[Top][All Lists]
[Date Prev][Date Next][Thread Prev][Thread Next][Date Index][Thread Index]
Re: [Qemu-devel] [PATCH 7/7] tcg: Streamline movcond_i64 using movcond_i
From: |
Aurelien Jarno |
Subject: |
Re: [Qemu-devel] [PATCH 7/7] tcg: Streamline movcond_i64 using movcond_i32 |
Date: |
Fri, 21 Sep 2012 23:23:20 +0200 |
User-agent: |
Mutt/1.5.21 (2010-09-15) |
On Fri, Sep 21, 2012 at 10:13:40AM -0700, Richard Henderson wrote:
> When movcond_i32 is available we can further reduce the generated
> op count from 12 to 6, and the generated code size on i686 from
> 88 to 74 bytes.
>
> Signed-off-by: Richard Henderson <address@hidden>
> ---
> tcg/tcg-op.h | 22 +++++++++++++++-------
> 1 file changed, 15 insertions(+), 7 deletions(-)
>
> diff --git a/tcg/tcg-op.h b/tcg/tcg-op.h
> index 3e375ea..0145a09 100644
> --- a/tcg/tcg-op.h
> +++ b/tcg/tcg-op.h
> @@ -2147,16 +2147,24 @@ static inline void tcg_gen_movcond_i64(TCGCond cond,
> TCGv_i64 ret,
> tcg_gen_op6i_i32(INDEX_op_setcond2_i32, t0,
> TCGV_LOW(c1), TCGV_HIGH(c1),
> TCGV_LOW(c2), TCGV_HIGH(c2), cond);
> - tcg_gen_neg_i32(t0, t0);
>
> - tcg_gen_and_i32(t1, TCGV_LOW(v1), t0);
> - tcg_gen_andc_i32(TCGV_LOW(ret), TCGV_LOW(v2), t0);
> - tcg_gen_or_i32(TCGV_LOW(ret), TCGV_LOW(ret), t1);
> + if (TCG_TARGET_HAS_movcond_i32) {
> + tcg_gen_movi_i32(t1, 0);
> + tcg_gen_movcond_i32(TCG_COND_NE, TCGV_LOW(ret), t0, t1,
> + TCGV_LOW(v1), TCGV_LOW(v2));
> + tcg_gen_movcond_i32(TCG_COND_NE, TCGV_HIGH(ret), t0, t1,
> + TCGV_HIGH(v1), TCGV_HIGH(v2));
> + } else {
> + tcg_gen_neg_i32(t0, t0);
>
> - tcg_gen_and_i32(t1, TCGV_HIGH(v1), t0);
> - tcg_gen_andc_i32(TCGV_HIGH(ret), TCGV_HIGH(v2), t0);
> - tcg_gen_or_i32(TCGV_HIGH(ret), TCGV_HIGH(ret), t1);
> + tcg_gen_and_i32(t1, TCGV_LOW(v1), t0);
> + tcg_gen_andc_i32(TCGV_LOW(ret), TCGV_LOW(v2), t0);
> + tcg_gen_or_i32(TCGV_LOW(ret), TCGV_LOW(ret), t1);
>
> + tcg_gen_and_i32(t1, TCGV_HIGH(v1), t0);
> + tcg_gen_andc_i32(TCGV_HIGH(ret), TCGV_HIGH(v2), t0);
> + tcg_gen_or_i32(TCGV_HIGH(ret), TCGV_HIGH(ret), t1);
> + }
> tcg_temp_free_i32(t0);
> tcg_temp_free_i32(t1);
> } else {
At some point I tried to think how to implement movcond_i64 for
MIPS directly in the backend.
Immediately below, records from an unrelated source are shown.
Lemma rayleigh_eigenvalue a :
  (forall x, 0 < a x) -> (exists h, wsum a h = 0 /\ wdot a h h != 0) ->
  exists l, [/\ eigenvalue (- gen_mx c a)^T l, l != 0 &
    forall h, wsum a h = 0 -> 2 * l * wdot a h h <= dirichlet c a h h].
Proof.
move=> a_gt0 /(dirichlet_min_exists a_gt0) [f [f0 f1 f_min]].
exists (dirichlet c a f f / 2); split.
- apply/eigenvalueP; exists (\row_x f x).
    by apply/rowP => x; rewrite gen_mx_laplacian row_ord0 !mxE dirichlet_min_eigen.
  apply: contra_neq (@oner_neq0 R) => f_row0; rewrite -f1 /wdot big1 // => x _.
  by have := congr1 (fun v : 'rV[R]_n => v ord0 x) f_row0; rewrite !mxE => ->; rewrite !mulr0.
- by rewrite mulf_eq0 negb_or dirichlet_min_neq0 // invr_eq0 pnatr_eq0.
- by move=> h h0; rewrite mulrCA divff ?pnatr_eq0 // mulr1 f_min.
Qed.

End Rayleigh.

Section SpectralGap.
Variables (R : realType) (n : nat) (c : 'I_n -> 'I_n -> R).
Hypothesis c_sym : forall x y, c x y = c y x.
Hypothesis c_ge0 : forall x y, 0 <= c x y.
Hypothesis c_conn : wconnected c.
Implicit Types (a b f h : 'I_n -> R) (l : R).

Lemma eigenvector_laplacian b l : eigenvalue (- gen_mx c b)^T l ->
  exists f x0, (forall x, laplacian c b f x = l * f x) /\ f x0 != 0.
Proof.
move=> /eigenvalueP [v vE v0]; exists (v ord0).
have [x0 vx0] : exists x0, v ord0 x0 != 0.
  apply/existsP; apply: contraNT v0; rewrite negb_exists => /forallP v0'.
  by apply/eqP/rowP => x; rewrite mxE; apply/eqP/negPn.
exists x0; split=> // x.
by have := congr1 (fun w : 'rV[R]_n => w ord0 x) vE; rewrite /= gen_mx_laplacian mxE.
Qed.

Lemma eigenvalue_ge0 b l : (forall x, 0 < b x) -> eigenvalue (- gen_mx c b)^T l -> 0 <= l.
Proof.
move=> b_gt0 /eigenvector_laplacian [f [x0 [lf fx0]]].
have := eigen_dirichlet c_sym lf; have := wdot_gt0 b_gt0 fx0.
have := dirichlet_ge0 c_ge0 f (fun x => ltW (b_gt0 x)); nra.
Qed.

Lemma gapRW_ge0 b : (forall x, 0 < b x) -> 0 <= gapRW c b.
Proof.
move=> b_gt0; apply: lbound_le_inf; last by right.
by move=> l [+ _]; exact: eigenvalue_ge0.
Qed.

Lemma gapRW_le b l : (forall x, 0 < b x) ->
  eigenvalue (- gen_mx c b)^T l -> l != 0 -> gapRW c b <= l.
Proof.
move=> b_gt0 El l0; apply: ge_inf => //; exists 0 => y [Ey _].
exact: eigenvalue_ge0 Ey.
Qed.

Lemma gapRW_rayleigh a h : (forall x, 0 < a x) ->
  wsum a h = 0 -> 2 * gapRW c a * wdot a h h <= dirichlet c a h h.
Proof.
move=> a_gt0 h0; have a_ge0 x : 0 <= a x by exact: ltW.
have [->|hn0] := eqVneq (wdot a h h) 0; first by rewrite mulr0 dirichlet_ge0.
have [l [El l0 l_min]] :=
  rayleigh_eigenvalue c_sym c_ge0 c_conn a_gt0 (ex_intro _ h (conj h0 hn0)).
apply: le_trans (l_min h h0); rewrite ler_wpM2r ?wdot_ge0 // ler_wpM2l //.
exact: gapRW_le.
Qed.

Lemma gapRW_le_eigenvalue a b K l :
  (forall x, 0 < a x) -> (forall x, a x <= b x) -> (forall x, b x <= K * a x) ->
  eigenvalue (- gen_mx c b)^T l -> l != 0 -> gapRW c a <= K * l.
Proof.
move=> a_gt0 ab bK /eigenvector_laplacian [f [x0 [lf fx0]]] l0.
have a_ge0 x : 0 <= a x by exact: ltW.
have b_gt0 x : 0 < b x by exact: lt_le_trans (ab x).
have K_gt0 : 0 < K by have := lt_le_trans (b_gt0 x0) (bK x0); rewrite pmulr_lgt0.
have fb0 : wsum b f = 0.
  by have /eqP := eigen_wsum c_sym lf; rewrite mulf_eq0 (negbTE l0) => /eqP.
have Sa : \sum_(x < n) a x != 0.
  by rewrite (bigD1 x0) //= gt_eqF // ltr_wpDr ?sumr_ge0.
pose m := wsum a f / \sum_(x < n) a x; pose g x := f x - m.
have ga0 : wsum a g = 0 by exact: wsum_sub_mean.
have Nfg : wdot b f f <= K * wdot a g g.
  apply: le_trans (wdot_shift_ge m _ fb0) _.
    by move=> x; exact: ltW.
  rewrite /wdot mulr_sumr; apply: ler_sum => x _.
  by rewrite -!mulrA [in leRHS]mulrA ler_wpM2r // -expr2 sqr_ge0.
have Dgf : 2 * gapRW c a * wdot a g g <= 2 * l * wdot b f f.
  rewrite (eigen_dirichlet c_sym lf); apply: le_trans (gapRW_rayleigh a_gt0 ga0) _.
  by rewrite dirichlet_shift dirichlet_le.
have := gapRW_ge0 a_gt0; have := wdot_gt0 b_gt0 fx0; nra.
Qed.

Lemma gapRW_compare a b K :
  (forall x, 0 < a x) -> (forall x, a x <= b x) -> (forall x, b x <= K * a x) -> 0 < K ->
  K^-1 * gapRW c a <= gapRW c b.
Proof.
move=> a_gt0 ab bK K_gt0; have b_gt0 x : 0 < b x by exact: lt_le_trans (ab x).
(* Nonemptiness: [inf set0 = 0], so if [gapRW c a != 0] then [- A_a] has a nonzero
   eigenvalue; its eigenfunction, multiplied by [a / b], is a witness for [b]. *)
apply: lbound_le_inf => [l [El l0]|].
  by rewrite ler_pdivrMl // (gapRW_le_eigenvalue a_gt0 ab bK El l0).
have [->|gap_neq0] := eqVneq (gapRW c a) 0; first by right; rewrite mulr0.
have /set0P [l [El l0]] : [set l | eigenvalue (- gen_mx c a)^T l /\ l != 0] != set0.
  by apply: contra_neq gap_neq0 => S0; rewrite /gapRW S0 inf0.
left; have [f [x0 [lf fx0]]] := eigenvector_laplacian El.
pose h x := a x * f x / b x.
have h0 : wsum b h = 0.
  have /eqP := eigen_wsum c_sym lf; rewrite mulf_eq0 (negbTE l0) => /eqP <-.
  by apply: eq_bigr => x _; rewrite /h mulrCA divff ?mulr1 // gt_eqF.
have hn0 : wdot b h h != 0.
  apply/lt0r_neq0/(wdot_gt0 b_gt0 (x0 := x0)).
  by rewrite /h !mulf_neq0 ?invr_eq0 // lt0r_neq0.
have [l' [El' l'0 _]] :=
  rayleigh_eigenvalue c_sym c_ge0 c_conn b_gt0 (ex_intro _ h (conj h0 hn0)).
by exists l'.
Qed.

End SpectralGap.

Theorem lemma3p4 (R : realType) (n : nat) (c : 'I_n -> 'I_n -> R)
  (c_sym : forall x y, c x y = c y x) (c_ge0 : forall x y, 0 <= c x y)
  (c_conn : wconnected c)
  (alpha : 'I_n -> R) (alpha_pos : forall x, 0 < alpha x)
  (k : nat) (k_pos : (0 < k)%N) :
  inf [set gapRW c (fun x => alpha x + (xi x)%:R) | xi in (Xi n k.-1)]
  >= inf (range alpha) / (inf (range alpha) + (k.-1)%:R) * gapRW c alpha.
Proof.
have beta_gt0 (xi : 'I_n -> nat) x : 0 < alpha x + (xi x)%:R by rewrite ltr_wpDr.
case: (pickP (@predT 'I_n)) => [x1 _|no_point]; last first.
  have -> : range alpha = set0 by apply/seteqP; split=> // y [x _ _]; have := no_point x.
  rewrite inf0 mul0r mul0r; apply: lbound_le_inf; last by right.
  by move=> _ [xi _ <-]; exact: gapRW_ge0.
have [xm -> alpha_min] := inf_range_min alpha x1.
set m := alpha xm; set k1 : R := (k.-1)%:R.
have m_gt0 : 0 < m := alpha_pos xm.
pose K := (m + k1) / m.
have K_gt0 : 0 < K by rewrite divr_gt0 // ltr_wpDr.
rewrite -[m / _]invf_div -/K.
pose xi1 x := if x == x1 then k.-1 else 0%N.
apply: lbound_le_inf; last by left; exists (gapRW c (fun x => alpha x + (xi1 x)%:R)), xi1;
  first exact: Xi_point.
move=> _ [xi xiXi <-]; apply: gapRW_compare => // x; first by rewrite lerDl.
have -> : K * alpha x = alpha x + k1 * (alpha x / m) by rewrite /K; field; exact: lt0r_neq0.
rewrite lerD2l; apply: (@le_trans _ _ k1); first by rewrite ler_nat Xi_le.
by rewrite ler_peMr // ler_pdivlMr // mul1r alpha_min.
Qed.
I just tried your patch, and I got
this kind of code:
| 0x2bb2ae58: sltu at,zero,s4
| 0x2bb2ae5c: sltu t0,zero,s3
| 0x2bb2ae60: or s3,at,t0
| 0x2bb2ae64: movz s1,s5,s3
| 0x2bb2ae68: movz s2,s6,s3
|
| (in some cases some constants/globals loading appear in the middle, but
| that's not due to movcond).
It's basically the kind of code I would have written. It's clearly
better to implement it directly in TCG.
Now I wonder if it wouldn't be better to write brcond2 as setcond2 +
brcond. And even setcond2 as a pair of setcond in TCG, which would allow
some optimizations in case both high parts are zero.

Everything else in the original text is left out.